Work task: When the line containing "apply (Rmult_eq_reg_r (Cnorm" appears in the data below, begin copying there and stop only after the line containing "Proof. induction a;".

Information supplied:
Lemma CnormV x : Cnorm (Cinv x) = / Cnorm x.
Proof.
  destruct (CC_eq_dec x C0) as [->|Hx]; [rewrite Cinv_C0, Cnorm0, Rinv_0; reflexivity|].
  assert (H : Cnorm (Cinv x) * Cnorm x = 1).
  { rewrite <- CnormM; replace (Cmul (Cinv x) x) with C1 by (field; auto).
    unfold Cnorm, C1; simpl; replace (1 * 1 + 0 * 0) with 1 by ring; apply sqrt_1. }
  assert (Cnorm x <> 0) by (intro E; rewrite E in H; lra).
  apply (Rmult_eq_reg_r (Cnorm x)); auto; rewrite H, Rinv_l; auto.
Qed.

Lemma CpowD z a b : Cpow z (a + b) = Cmul (Cpow z a) (Cpow z b).
Proof. induction a; simpl; [ring | rewrite IHa; ring]. Qed.

Lemma CpowMn x y n : Cpow (Cmul x y) n = Cmul (Cpow x n) (Cpow y n).
Proof. induction n; simpl; [ring | rewrite IHn; ring]. Qed.

Lemma CpowM x a b : Cpow x (a * b) = Cpow (Cpow x a) b.
Proof.
  induction b; simpl; [rewrite Nat.mul_0_r; reflexivity|].
  rewrite Nat.mul_succ_r, Nat.add_comm, CpowD, IHb; ring.
Qed.

Lemma CpowV x n : Cpow (Cinv x) n = Cinv (Cpow x n).
Proof. induction n; simpl; [symmetry; apply Cinv1 | rewrite CinvM, IHn; reflexivity]. Qed.

Lemma Cpow_neq0 x n : x <> C0 -> Cpow x n <> C0.
Proof. intro H; induction n; simpl; [apply C1_neq0 | apply Cmul_neq0; auto]. Qed.

Lemma Cpow1 n : Cpow C1 n = C1.
Proof. induction n; simpl; [reflexivity | rewrite IHn; ring]. Qed.

Lemma CpowzS z k : z <> C0 -> Cpowz z (Z.succ k) = Cmul z (Cpowz z k).
Proof.
  intro Hz; destruct k as [|p|p]; simpl.
  - ring.
  - rewrite Pos2Nat.inj_add, Nat.add_comm; reflexivity.
  - destruct (Pos.succ_pred_or p) as [->|Hp]; simpl; [field; auto|].
    rewrite <- Hp, Z.pos_sub_lt by lia.
    replace (Pos.succ (Pos.pred p) - 1)%positive with (Pos.pred p) by lia.
    simpl; rewrite Pos2Nat.inj_succ; simpl; field; auto.
Qed.

Lemma CpowzD z a b : z <> C0 -> Cpowz z (a + b) = Cmul (Cpowz z a) (Cpowz z b).
Proof.
  intro Hz; induction b using Z.peano_ind.
  - rewrite Z.add_0_r; simpl; ring.
  - rewrite Z.add_succ_r, !CpowzS, IHb by auto; ring.
  - assert (E : forall k, Cpowz z (Z.pred k) = Cmul (Cinv z) (Cpowz z k)).
    { intro k; rewrite <- (Z.succ_pred k) at 2; rewrite CpowzS by auto; field; auto. }
    rewrite Z.add_pred_r, !E, IHb; ring.
Qed.

Lemma CpowzV z k : Cpowz (Cinv z) k = Cpowz z (- k).
Proof. destruct k; simpl; auto; rewrite CinvK; reflexivity. Qed.

Lemma sumC_app l1 l2 : sumC (l1 ++ l2) = Cadd (sumC l1) (sumC l2).
Proof. induction l1; simpl; [ring | rewrite IHl1; ring]. Qed.

Lemma prodC_app l1 l2 : prodC (l1 ++ l2) = Cmul (prodC l1) (prodC l2).
Proof. induction l1; simpl; [ring | rewrite IHl1; ring]. Qed.

Lemma sumC_mulr c l : Cmul c (sumC l) = sumC (map (Cmul c) l).
Proof. induction l; simpl; [ring | rewrite <- IHl; ring]. Qed.

Lemma sumC_mapD {A} (a b : A -> CC) l :
  sumC (map (fun k => Cadd (a k) (b k)) l) = Cadd (sumC (map a l)) (sumC (map b l)).
Proof. induction l; simpl; [ring | rewrite IHl; ring]. Qed.

Lemma prodC_neq0 l : Forall (fun x => x <> C0) l -> prodC l <> C0.
Proof. induction 1; simpl; [apply C1_neq0 | apply Cmul_neq0; auto]. Qed.

Lemma prodC_map1 {A} (f : A -> CC) l : (forall x, In x l -> f x = C1) -> prodC (map f l) = C1.
Proof. induction l; simpl; intros; auto; rewrite H, IHl by auto; ring. Qed.

Lemma prodC_Cpow l N : prodC (map (fun x => Cpow x N) l) = Cpow (prodC l) N.
Proof. induction l; simpl; [rewrite Cpow1 | rewrite IHl, CpowMn]; reflexivity. Qed.

Lemma prodC_Cinv l : Cinv (prodC l) = prodC (map Cinv l).
Proof. induction l; simpl; [apply Cinv1 | rewrite CinvM, IHl; reflexivity]. Qed.

Lemma prodC_mapM {A} (f g : A -> CC) l :
  prodC (map (fun x => Cmul (f x) (g x)) l) = Cmul (prodC (map f l)) (prodC (map g l)).
Proof. induction l; simpl; [ring | rewrite IHl; ring]. Qed.

Lemma prodC_const {A} c (l : list A) : prodC (map (fun _ => c) l) = Cpow c (length l).
Proof. induction l; simpl; [reflexivity | rewrite IHl; reflexivity]. Qed.

Lemma sumR_map_le {A} (a b : A -> R) l : (forall k, a k <= b k) ->
  sumR (map a l) <= sumR (map b l).
Proof. intro H; induction l; simpl; [lra | specialize (H a0); lra]. Qed.

Lemma sumR_mapD {A} (a b : A -> R) l :
  sumR (map (fun k => a k + b k) l) = sumR (map a l) + sumR (map b l).
Proof. induction l; simpl; [ring | rewrite IHl; ring]. Qed.

Lemma sumR_mapM {A} c (a : A -> R) l :
  sumR (map (fun k => c * a k) l) = c * sumR (map a l).
Proof. induction l; simpl; [ring | rewrite IHl; ring]. Qed.

Section VectorSpace.
Variable V : VS.

Lemma vaddr0 (x : V) : vadd x vzero = x.
Proof. rewrite vaddC; apply vadd0. Qed.

Lemma vadd_idem_eq0 (x : V) : vadd x x = x -> x = vzero.
Proof.
  intro H; transitivity (vadd (vadd (vopp x) x) x); [rewrite vaddN, vadd0; reflexivity|].
  rewrite <- vaddA, H, vaddN; reflexivity.
Qed.

Lemma vscal0 c : vscal c (@vzero V) = vzero.
Proof. apply vadd_idem_eq0; rewrite <- vscalDv, vadd0; reflexivity. Qed.

Lemma vsum_app (l1 l2 : list V) : vsum (l1 ++ l2) = vadd (vsum l1) (vsum l2).
Proof. induction l1; simpl; [rewrite vadd0 | rewrite IHl1, vaddA]; reflexivity. Qed.

Lemma vscal_sum c (l : list V) : vscal c (vsum l) = vsum (map (vscal c) l).
Proof. induction l; simpl; [apply vscal0 | rewrite vscalDv, IHl; reflexivity]. Qed.

Lemma vsum_flat_map {A B} (F : B -> V) (G : A -> list B) l :
  vsum (map F (flat_map G l)) = vsum (map (fun t => vsum (map F (G t))) l).
Proof. induction l; simpl; auto; rewrite map_app, vsum_app, IHl; reflexivity. Qed.
End VectorSpace.

Lemma linear_vsum {V W : VS} (f : V -> W) l : linear f -> f (vsum l) = vsum (map f l).
Proof.
  intros [Ha Hs]; induction l; simpl.
  - apply vadd_idem_eq0; rewrite <- Ha, vadd0; reflexivity.
  - rewrite Ha, IHl; reflexivity.
Qed.

Lemma linearC_vsum {V : VS} (f : V -> CC) l : linearC f -> f (vsum l) = sumC (map f l).
Proof.
  intros [Ha Hs]; induction l; simpl.
  - assert (E : f vzero = Cadd (f vzero) (f vzero)) by (rewrite <- Ha, vadd0; reflexivity).
    transitivity (Csub (Cadd (f vzero) (f vzero)) (f vzero)); [ring | rewrite <- E; ring].
  - rewrite Ha, IHl; reflexivity.
Qed.

Lemma linear_comp {U V W : VS} (f : V -> W) (g : U -> V) :
  linear f -> linear g -> linear (fun x => f (g x)).
Proof. intros [Fa Fs] [Ga Gs]; split; intros; [rewrite Ga, Fa | rewrite Gs, Fs]; reflexivity. Qed.

Lemma prodY_linear {V A : VS} (Y : A -> V -> Z -> V) :
  (forall u k, linear (fun w => Y u w k)) -> forall us ks, linear (prodY Y us ks).
Proof.
  intros H us; induction us as [|u us IH]; intros [|k ks]; simpl; try (split; reflexivity).
  apply (linear_comp (fun w => Y u w k)); auto.
Qed.

Lemma prodY_rcons {V A : VS} (Y : A -> V -> Z -> V) us ks u k w :
  length us = length ks ->
  prodY Y (us ++ [u]) (ks ++ [k]) w = prodY Y us ks (Y u w k).
Proof.
  revert ks; induction us; intros [|k' ks]; simpl; intros; try lia; auto.
  rewrite IHus by lia; reflexivity.
Qed.

(** * Absolutely summable multiple series *)

Section AbsSummable.
Variable n : nat.

Lemma abs_summable_to_ext a b S : abs_summable_to n a S ->
  (forall k, length k = n -> a k = b k) -> abs_summable_to n b S.
Proof.
  intros [[M HM] HE] Hab.
  assert (HF : forall F, idx_ok n F -> map b F = map a F).
  { intros F [_ HF]; apply map_ext_in; intros k Hk; symmetry; apply Hab.
    rewrite Forall_forall in HF; auto. }
  split.
  - exists M; intros F HF'; rewrite <- (map_map b Cnorm), HF, map_map by auto; auto.
  - intros eps He; destruct (HE eps He) as [F0 [H0 H1]]; exists F0; split; auto.
    intros F HF' Hi; rewrite HF by auto; auto.
Qed.

Lemma abs_summable_to0 : abs_summable_to n (fun _ => C0) C0.
Proof.
  split.
  - exists 0; intros F _; rewrite Cnorm0; induction F; simpl; lra.
  - intros eps He; exists []; split; [split; constructor|].
    intros F _ _.
    assert (E : sumC (map (fun _ : list Z => C0) F) = C0) by (induction F; simpl; [|rewrite IHF]; ring).
    rewrite E; replace (Csub C0 C0) with C0 by ring; rewrite Cnorm0; auto.
Qed.

Lemma abs_summable_toD a b S T : abs_summable_to n a S -> abs_summable_to n b T ->
  abs_summable_to n (fun k => Cadd (a k) (b k)) (Cadd S T).
Proof.
  intros [[M1 HM1] HE1] [[M2 HM2] HE2]; split.
  - exists (M1 + M2); intros F HF.
    apply Rle_trans with (sumR (map (fun k => Cnorm (a k) + Cnorm (b k)) F)).
    + apply sumR_map_le; intro; apply Cnorm_triangle.
    + rewrite sumR_mapD; specialize (HM1 F HF); specialize (HM2 F HF); lra.
  - intros eps He.
    destruct (HE1 (eps / 2)) as [F1 [Hok1 H1]]; [lra|].
    destruct (HE2 (eps / 2)) as [F2 [Hok2 H2]]; [lra|].
    exists (nodup (list_eq_dec Z.eq_dec) (F1 ++ F2)); split.
    + split; [apply NoDup_nodup|].
      apply Forall_forall; intros x Hx; apply nodup_In, in_app_or in Hx.
      destruct Hok1 as [_ Hok1], Hok2 as [_ Hok2]; rewrite Forall_forall in Hok1, Hok2.
      destruct Hx; auto.
    + intros F HF Hi.
      assert (H1F : incl F1 F) by (intros x Hx; apply Hi, nodup_In, in_or_app; auto).
      assert (H2F : incl F2 F) by (intros x Hx; apply Hi, nodup_In, in_or_app; auto).
      specialize (H1 F HF H1F); specialize (H2 F HF H2F).
      rewrite sumC_mapD.
      replace (Csub (Cadd (sumC (map a F)) (sumC (map b F))) (Cadd S T))
        with (Cadd (Csub (sumC (map a F)) S) (Csub (sumC (map b F)) T)) by ring.
      eapply Rle_lt_trans; [apply Cnorm_triangle | lra].
Qed.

Answer to the exercise:
  apply (Rmult_eq_reg_r (Cnorm x)); auto; rewrite H, Rinv_l; auto.
Qed.

Lemma CpowD z a b : Cpow z (a + b) = Cmul (Cpow z a) (Cpow z b).
Proof. induction a; simpl; [ring | rewrite IHa; ring]. Qed.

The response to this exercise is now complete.